Khatta Meetha - Movie review
Khatta Meetha is a remake of the Malayalam hit Vellanakalude Nadu, made by the same director
Cast: Akshay Kumar, Trisha, Rajpal Yadav, Kulbhushan Kharbanda, Aruna Irani and Neeraj Vora
WHAT IT'S ABOUT: Khatta Meetha is a remake of the Malayalam hit Vellanakalude Nadu, made by the same director. The original was made in the late '80s. Twenty years later, the subject and the narrative seem to have lost steam. Priyan should have spruced up the script, which sadly reminds one of the typical South potboilers of a bygone era. Khatta Meetha revolves around a young road contractor Sachin Tichkule (Akshay Kumar) who's struggling to make ends meet. His family considers him the black sheep though the man has a heart of gold. Sachin resorts to all means to get some contracts -- even if that means locking horns with his college ex-girlfriend who's now become the Municipal Commissioner (Trisha). Finally, it is one tragic incident that brings him back to his senses and that's when Sachin decides to stand by the truth, standing against his own family.

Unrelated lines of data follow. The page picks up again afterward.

(* Let $N,\mu,\beta,\sigma,\gamma,p>0$ and $0<\rho<1$ and consider $$\begin{aligned}S'&=\mu N-\tfrac{\beta}{N}S(1-\rho)I-\tfrac{p}{N}S-\mu S, & E'&=\tfrac{\beta}{N}S(1-\rho)I-(\sigma+\mu) E, & I'&=\sigma E-(\gamma+\mu) I,\\ R'&=\gamma I-\mu R, & V'&=\tfrac{p}{N}S-\mu V,\end{aligned}$$ on the invariant region $\Sigma=\{(S,E,I,R,V)\in\mathbb{R}_+^5: S+E+I+R+V=N\}$. Let $\mathcal{R}_0=\dfrac{\mu N\sigma\beta(1-\rho)}{(\sigma+\mu)(\gamma+\mu)(p+\mu N)}$. If $\mathcal{R}_0<1$, then the disease-free equilibrium $P^*=\left(\frac{\mu N^2}{p+\mu N},0,0,0,\frac{pN}{p+\mu N}\right)$ is globally asymptotically stable in $\Sigma$.
   Context: SEIR model with vaccination at constant effective rate $p$ and equal birth/death rate $\mu$. Global asymptotic stability in $\Sigma$ means $P^*$ is stable and every solution starting in $\Sigma$ converges to $P^*$ as $t\to+\infty$. *)

From Stdlib Require Import Reals.
From Coquelicot Require Import Coquelicot.
Open Scope R_scope.

Definition in_Sigma (N s e i r v : R) : Prop :=
  0 <= s /\ 0 <= e /\ 0 <= i /\ 0 <= r /\ 0 <= v /\ s + e + i + r + v = N.

Definition basic_repr_number (N mu beta sigma gamma p rho : R) : R :=
  mu * N * sigma * beta * (1 - rho) / ((sigma + mu) * (gamma + mu) * (p + mu * N)).

Definition Sstar (N mu p : R) : R := mu * N ^ 2 / (p + mu * N).
Definition Vstar (N mu p : R) : R := p * N / (p + mu * N).

Definition dist_Pstar (N mu p s e i r v : R) : R :=
  Rmax (Rabs (s - Sstar N mu p))
   (Rmax (Rabs e) (Rmax (Rabs i) (Rmax (Rabs r) (Rabs (v - Vstar N mu p))))).

Definition is_solution (N mu beta sigma gamma p rho : R)
  (S E I Rr V : R -> R) : Prop :=
  (filterlim S (at_right 0) (locally (S 0)) /\
   filterlim E (at_right 0) (locally (E 0)) /\
   filterlim I (at_right 0) (locally (I 0)) /\
   filterlim Rr (at_right 0) (locally (Rr 0)) /\
   filterlim V (at_right 0) (locally (V 0))) /\
  (forall t, 0 < t ->
     is_derive S t (mu * N - beta / N * S t * (1 - rho) * I t
                    - p / N * S t - mu * S t) /\
     is_derive E t (beta / N * S t * (1 - rho) * I t - (sigma + mu) * E t) /\
     is_derive I t (sigma * E t - (gamma + mu) * I t) /\
     is_derive Rr t (gamma * I t - mu * Rr t) /\
     is_derive V t (p / N * S t - mu * V t)).

Definition GAS_in_Sigma (N mu beta sigma gamma p rho : R) : Prop :=
  (forall eps, 0 < eps -> exists delta, 0 < delta /\
     forall S E I Rr V : R -> R,
       is_solution N mu beta sigma gamma p rho S E I Rr V ->
       in_Sigma N (S 0) (E 0) (I 0) (Rr 0) (V 0) ->
       dist_Pstar N mu p (S 0) (E 0) (I 0) (Rr 0) (V 0) < delta ->
       forall t, 0 <= t ->
         dist_Pstar N mu p (S t) (E t) (I t) (Rr t) (V t) < eps) /\
  (forall S E I Rr V : R -> R,
     is_solution N mu beta sigma gamma p rho S E I Rr V ->
     in_Sigma N (S 0) (E 0) (I 0) (Rr 0) (V 0) ->
     is_lim S p_infty (Sstar N mu p) /\
     is_lim E p_infty 0 /\
     is_lim I p_infty 0 /\
     is_lim Rr p_infty 0 /\
     is_lim V p_infty (Vstar N mu p)).

(* Positivity: the squared distance Q of (S, E, I) to the nonnegative octant vanishes at t = 0
   and satisfies Q' <= K Q on bounded time intervals, so it stays 0.
   Since S' <= (p/N + mu) (S* - S), S exceeds S* by at most an exponentially decaying amount.
   With c = beta (1 - rho) / N, the condition R0 < 1 reads sigma c S* < (sigma + mu) (gamma + mu)
   and leaves room for a weight theta such that W = sigma E + theta I satisfies W' <= - lam W
   whenever S <= S* + Dl.  Hence E and I tend to 0, with bounds linear in the initial distance
   to P*; S, R and V then solve linear equations y' = - k y + h whose forcing h converges and
   stays close to its limit, which gives both attractivity and stability. *)

From Stdlib Require Import Reals Lra Psatz.
From Coquelicot Require Import Coquelicot.
Open Scope R_scope.

Definition right_cont (f : R -> R) (a : R) : Prop :=
  filterlim f (at_right a) (locally (f a)).

Lemma right_cont_plus (f g : R -> R) (a : R) :
  right_cont f a -> right_cont g a -> right_cont (fun t => f t + g t) a.
Proof.
  intros Hf Hg. eapply filterlim_comp_2; [exact Hf | exact Hg |].
  exact (filterlim_plus (K := R_AbsRing) (V := R_NormedModule) (f a) (g a)).
Qed.

Lemma right_cont_mult (f g : R -> R) (a : R) :
  right_cont f a -> right_cont g a -> right_cont (fun t => f t * g t) a.
Proof.
  intros Hf Hg. eapply filterlim_comp_2; [exact Hf | exact Hg |].
  exact (filterlim_mult (K := R_AbsRing) (f a) (g a)).
Qed.

Lemma right_cont_const (c a : R) : right_cont (fun _ => c) a.
Proof. apply filterlim_const. Qed.

Lemma right_cont_opp (f : R -> R) (a : R) : right_cont f a -> right_cont (fun t => - f t) a.
Proof.
  intros Hf. eapply filterlim_comp; [exact Hf|].
  exact (filterlim_opp (K := R_AbsRing) (V := R_NormedModule) (f a)).
Qed.

Lemma right_cont_comp (h f : R -> R) (a : R) :
  continuous h (f a) -> right_cont f a -> right_cont (fun t => h (f t)) a.
Proof. intros Hh Hf. eapply filterlim_comp; [exact Hf | exact Hh]. Qed.

Lemma right_cont_of_continuous (f : R -> R) (a : R) : continuous f a -> right_cont f a.
Proof. apply filterlim_filter_le_1, filter_le_within. Qed.

Lemma right_cont_of_derive (f : R -> R) (a d : R) : is_derive f a d -> right_cont f a.
Proof.
  intros Hd. apply right_cont_of_continuous.
  apply (ex_derive_continuous (K := R_AbsRing) (V := R_NormedModule)). now exists d.
Qed.

Lemma right_cont_of_derive_on (f df : R -> R) (a b : R) :
  a <= b -> right_cont f a -> (forall x, a < x -> is_derive f x (df x)) -> right_cont f b.
Proof.
  intros Hab Hf Hd. destruct (Req_dec a b) as [<-|Hne]; [exact Hf|].
  apply (right_cont_of_derive f b (df b)), Hd. lra.
Qed.

(** * Linear differential inequalities *)

Lemma nonincreasing_of_derive_nonpos (f df : R -> R) (a b : R) :
  a <= b -> right_cont f a -> (forall x, a < x -> is_derive f x (df x)) ->
  (forall x, a < x <= b -> df x <= 0) -> f b <= f a.
Proof.
  intros Hab Hf Hd Hneg. destruct (Req_dec a b) as [<-|Hne]; [lra|].
  (* f is only right-continuous at a: extend it continuously to the left before using the MVT,
     whose point c may be a itself; there Rmin (df c) 0 is still nonpositive. *)
  destruct (C0_extension_left f (f a) a (b + 1)) as [g [Hg [Hgf Hga]]]; [lra | | exact Hf |].
  { intros x Hx. apply (ex_derive_continuous (K := R_AbsRing) (V := R_NormedModule)).
    exists (df x). apply Hd. lra. }
  destruct (MVT_gen g a b (fun x => Rmin (df x) 0)) as [c [_ Hc]];
    rewrite ?Rmin_left, ?Rmax_right by lra.
  - intros x Hx. rewrite Rmin_left by (apply Hneg; lra).
    apply (is_derive_ext_loc f); [|apply Hd; lra].
    exists (mkposreal (x - a) ltac:(lra)). intros y Hy.
    apply Rabs_lt_between' in Hy. symmetry. apply Hgf. simpl in Hy. lra.
  - intros x Hx. apply continuity_pt_filterlim, Hg. lra.
  - rewrite Hgf, Hga in Hc by lra. pose proof (Rmin_r (df c) 0). nra.
Qed.

Lemma le_mul_exp_of_derive_le (f df : R -> R) (a b k : R) :
  a <= b -> right_cont f a -> (forall x, a < x -> is_derive f x (df x)) ->
  (forall x, a < x <= b -> df x <= - k * f x) ->
  f b <= f a * exp (- k * (b - a)).
Proof.
  intros Hab Hf Hd Hle.
  set (h := fun t => f t * exp (k * (t - a))).
  assert (Hh : h b <= h a).
  { apply (nonincreasing_of_derive_nonpos h (fun t => (df t + k * f t) * exp (k * (t - a)))
             a b Hab).
    - apply right_cont_mult; [exact Hf|].
      apply (right_cont_of_derive _ a (k * exp (k * (a - a)))).
      auto_derive; [easy | unfold Rminus; ring].
    - intros x Hx. unfold h. auto_derive; [exists (df x); apply Hd, Hx|].
      erewrite is_derive_unique by exact (Hd x Hx). unfold Rminus. ring.
    - intros x Hx. specialize (Hle x Hx). pose proof (exp_pos (k * (x - a))). nra. }
  unfold h in Hh. rewrite Rminus_diag, Rmult_0_r, exp_0, Rmult_1_r in Hh.
  replace (f b) with (f b * exp (k * (b - a)) * exp (- k * (b - a))).
  - pose proof (exp_pos (- k * (b - a))). nra.
  - rewrite Rmult_assoc, <- exp_plus. replace (k * (b - a) + - k * (b - a)) with 0 by ring.
    rewrite exp_0. ring.
Qed.

Lemma exp_le_1 (x : R) : x <= 0 -> exp x <= 1.
Proof.
  intros Hx. rewrite <- exp_0.
  destruct (Rle_lt_or_eq_dec x 0 Hx) as [Hlt | ->]; [left; apply exp_increasing, Hlt | lra].
Qed.

Lemma linear_ode_sub_le (f h : R -> R) (a b k fs B : R) :
  0 < k -> 0 <= B -> a <= b -> right_cont f a ->
  (forall x, a < x -> is_derive f x (- k * f x + h x)) ->
  (forall x, a < x <= b -> h x - k * fs <= B) ->
  f b - fs <= (f a - fs) * exp (- k * (b - a)) + B / k.
Proof.
  intros Hk HB Hab Hf Hd Hh.
  assert (Hle : f b - fs - B / k <= (f a - fs - B / k) * exp (- k * (b - a))).
  { apply (le_mul_exp_of_derive_le (fun t => f t - fs - B / k) (fun t => - k * f t + h t)
             a b k Hab).
    - unfold Rminus. apply right_cont_plus; [apply right_cont_plus|]; auto using right_cont_const.
    - intros x Hx. auto_derive; [exists (- k * f x + h x); apply Hd, Hx|].
      erewrite is_derive_unique by exact (Hd x Hx). ring.
    - intros x Hx. specialize (Hh x Hx). assert (k * (B / k) = B) by (field; lra). nra. }
  assert (0 <= B / k) by (apply Rdiv_le_0_compat; lra).
  pose proof (exp_pos (- k * (b - a))). nra.
Qed.

Lemma linear_ode_abs_sub_le (f h : R -> R) (a b k fs B : R) :
  0 < k -> 0 <= B -> a <= b -> right_cont f a ->
  (forall x, a < x -> is_derive f x (- k * f x + h x)) ->
  (forall x, a < x <= b -> Rabs (h x - k * fs) <= B) ->
  Rabs (f b - fs) <= Rabs (f a - fs) * exp (- k * (b - a)) + B / k.
Proof.
  intros Hk HB Hab Hf Hd Hh.
  assert (Hup : f b - fs <= (f a - fs) * exp (- k * (b - a)) + B / k).
  { apply (linear_ode_sub_le f h); auto.
    intros x Hx. exact (Rle_trans _ _ _ (Rle_abs _) (Hh x Hx)). }
  assert (Hlow : - f b - - fs <= (- f a - - fs) * exp (- k * (b - a)) + B / k).
  { apply (linear_ode_sub_le (fun t => - f t) (fun t => - h t)); auto using right_cont_opp.
    - intros x Hx. replace (- k * - f x + - h x) with (opp (- k * f x + h x)).
      + apply (is_derive_opp f), Hd, Hx.
      + unfold opp; simpl; ring.
    - intros x Hx. specialize (Hh x Hx).
      pose proof (Rle_abs (- (h x - k * fs))). rewrite Rabs_Ropp in *. lra. }
  pose proof (exp_pos (- k * (b - a))).
  pose proof (Rle_abs (f a - fs)). pose proof (Rle_abs (- (f a - fs))). rewrite Rabs_Ropp in *.
  apply Rabs_le_between. nra.
Qed.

WHAT'S HOT: Khatta Meetha offers a satirical view at present-day bureaucracy and the problems faced by the common man. The intent is sincere even though the film doesn't have much of a story, so the screenplay keeps the film going. The director tries to bring in pathos in the scenes between Akshay and Trisha. The segment of Akshay's relationship with his sister (Urvashi Sharma) has its moments. The film's high point is the fight sequence in the climax -- it's brilliantly captured on camera. It makes you wonder why the actor isn't doing more action films. In fact, Akshay Kumar is the film's only saving grace -- it's his impeccable comic timing and screen presence that holds it together. Playing a common man isn't easy as there is no glamour and heroics to play to the gallery, but Akshay lives up to the challenge. South star Trisha makes a good impact -- she has a certain charm. Urvashi, despite an ill-scripted role, manages to hold her own.
WHAT'S NOT: Priyadarshan fails miserably when it comes to his script, which is outdated and archaic. The story doesn't move forward at all in the first half. The director's over-dependency on comedy scenes has cost him dearly because most of them don't raise any laughter. The road-roller sequence with Johny Lever had potential but it's never-ending to the point that it loses the impact. An unnecessary scene with Asrani talking on the phone seems to have been added at the last minute -- it's a track that has no relevance to the story. And we thought they did away with such 'add-ons' decades ago. Characters are added and then conveniently done away with (Tinnu Anand) without any reasoning. The film explores a variety of genres but they are all half-baked so they serve no purpose at all.
WHAT TO DO: It should be seen only for Akshay's spirited performance in a film that's neither khatta nor meetha.